Urgent-start peritoneal dialysis: is it ready for prime time?

Purpose of review This review aims to provide an up-to-date summary of the definition, current practice and evidence regarding the role of urgent-start peritoneal dialysis (USPD) in patients with end-stage kidney disease who present with unplanned dialysis requirement without functional access. Recent findings USPD can be broadly defined as peritoneal dialysis initiation within the first 2 weeks after catheter insertion. Published practice patterns, in terms of catheter insertion approach, peritoneal dialysis initiation time or initial fill volume, are highly variable.
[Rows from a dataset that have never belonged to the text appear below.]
(* Suppose $T$ has the f.s. dichotomy, $M\preceq\mathbb{C}$ is small, and $\langle A_i:i\in I\rangle$ is an $M$-f.s. sequence. Then for every $c\in\mathbb{C}$ there is a simple extension $\langle A'_j:j\in J\rangle$ of $\langle A_i:i\in I\rangle$ which is an $M$-f.s. sequence and has $c\in\bigcup_jA'_j$. Moreover, if $(I,\le)$ is a well-ordering with a maximum element, one may take $J=I$.
   Context: Work in a monster model $\mathbb{C}$ of $T$. For $B\supseteq M$, $\mathrm{tp}(A/B)$ is finitely satisfied in $M$ if each of its formulas is satisfied by a tuple from $M$. $T$ has the f.s. dichotomy if for every small model $M$ and finite tuples $\bar a,\bar b$ with $\mathrm{tp}(\bar b/M\bar a)$ finitely satisfied in $M$, for every singleton $c$ either $\mathrm{tp}(\bar b/M\bar ac)$ or $\mathrm{tp}(\bar bc/M\bar a)$ is finitely satisfied in $M$. For a sequence of sets $\langle A_i:i\in I\rangle$, $A_{<i}=\bigcup_{j<i}A_j$. An $M$-f.s. sequence is a sequence of sets $\langle A_i:i\in I\rangle$ such that $\mathrm{tp}(A_i/A_{<i}M)$ is finitely satisfied in $M$ for every $i$. A sequence $\langle A'_j:j\in J\rangle$ is a simple extension of $\langle A_i:i\in I\rangle$ if $I\subseteq J$ and $A_i\subseteq A'_i$ for all $i\in I$ (i.e. $\langle A_i\rangle$ is obtained from it by passing to a subsequence and shrinking the sets). *)

From Stdlib Require Import List.
Import ListNotations.

Set Implicit Arguments.
Unset Strict Implicit.

Record signature := Signature { fsym : Type; rsym : Type }.

Section Logic.
Variable L : signature.

Inductive term : Type :=
| tvar : nat -> term
| tapp : fsym L -> list term -> term.

Inductive formula : Type :=
| feq : term -> term -> formula
| frel : rsym L -> list term -> formula
| fneg : formula -> formula
| fand : formula -> formula -> formula
| fex : nat -> formula -> formula.

Record structure := Structure {
  carrier :> Type;
  fint : fsym L -> list carrier -> carrier;
  rint : rsym L -> list carrier -> Prop }.

Variable C : structure.

Fixpoint eval (v : nat -> C) (t : term) : C :=
  match t with
  | tvar n => v n
  | tapp f l => fint f (map (eval v) l)
  end.

Definition upd (v : nat -> C) (n : nat) (c : C) : nat -> C :=
  fun k => if Nat.eqb k n then c else v k.

Fixpoint sat_in (D : C -> Prop) (v : nat -> C) (phi : formula) : Prop :=
  match phi with
  | feq t1 t2 => eval v t1 = eval v t2
  | frel r l => rint r (map (eval v) l)
  | fneg p => ~ sat_in D v p
  | fand p q => sat_in D v p /\ sat_in D v q
  | fex n p => exists c, D c /\ sat_in D (upd v n c) p
  end.

Definition sat (v : nat -> C) (phi : formula) : Prop :=
  sat_in (fun _ => True) v phi.

Definition elem_sub (M : C -> Prop) : Prop :=
  (exists m, M m) /\
  (forall f l, Forall M l -> M (fint f l)) /\
  (forall phi v, (forall n, M (v n)) -> (sat_in M v phi <-> sat v phi)).

(* tp(A/B) is finitely satisfied in M: every formula phi(x_a.., b..) true in C,
   with the variables in S assigned elements of A and the others parameters
   from B, is satisfied after replacing each a in A by some element g a of M. *)
Definition fs (M A B : C -> Prop) : Prop :=
  forall (phi : formula) (S : nat -> bool) (v : nat -> C),
    (forall n, if S n then A (v n) else B (v n)) ->
    sat v phi ->
    exists g : C -> C, (forall a, A a -> M (g a)) /\
      sat (fun n => if S n then g (v n) else v n) phi.

Definition setU (X Y : C -> Prop) : C -> Prop := fun x => X x \/ Y x.
Definition of_list (l : list C) : C -> Prop := fun x => In x l.
Definition set1 (c : C) : C -> Prop := fun x => x = c.

(* The f.s. dichotomy (for T = Th(C), over elementary substructures of C). *)
Definition fs_dichotomy : Prop :=
  forall M, elem_sub M ->
  forall a b : list C,
    fs M (of_list b) (setU M (of_list a)) ->
    forall c : C,
      fs M (of_list b) (setU (setU M (of_list a)) (set1 c)) \/
      fs M (setU (of_list b) (set1 c)) (setU M (of_list a)).

Definition below (I : Type) (lt : I -> I -> Prop) (A : I -> C -> Prop) (i : I)
  : C -> Prop := fun x => exists j, lt j i /\ A j x.

Definition fs_seq (M : C -> Prop) (I : Type) (lt : I -> I -> Prop)
  (A : I -> C -> Prop) : Prop :=
  forall i, fs M (A i) (setU (below lt A i) M).

End Logic.

Arguments elem_sub {L} C M.
Arguments fs {L} C M A B.
Arguments fs_dichotomy {L} C.
Arguments fs_seq {L} C M {I} lt A.
Arguments sat {L} C v phi.

Definition strict_linear (I : Type) (lt : I -> I -> Prop) : Prop :=
  (forall x, ~ lt x x) /\
  (forall x y z, lt x y -> lt y z -> lt x z) /\
  (forall x y, lt x y \/ x = y \/ lt y x).

Definition well_founded_linear (I : Type) (lt : I -> I -> Prop) : Prop :=
  forall P : I -> Prop, (exists i, P i) ->
    exists i, P i /\ forall j, P j -> ~ lt j i.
Most evidence comes from small, retrospective, single-center observational studies and only one randomized controlled trial. Compared with conventional-start peritoneal dialysis, USPD appears to moderately increase the risk of mechanical complications, such as dialysate leak (relative risk 3.21, 95% confidence interval 1.73–5.95), but does not appear to adversely affect technique or patient survival. USPD may also reduce the risk of bacteremia compared with urgent-start hemodialysis delivered by central venous catheter (CVC). Summary USPD represents an important opportunity to establish patients with urgent, unplanned dialysis requirements on a cost-effective, home-based dialysis modality with lower serious infection risks than the alternative option of hemodialysis via CVC. Robust, well executed trials are required to better inform optimal practice and safeguard patient-centered and patient-repor...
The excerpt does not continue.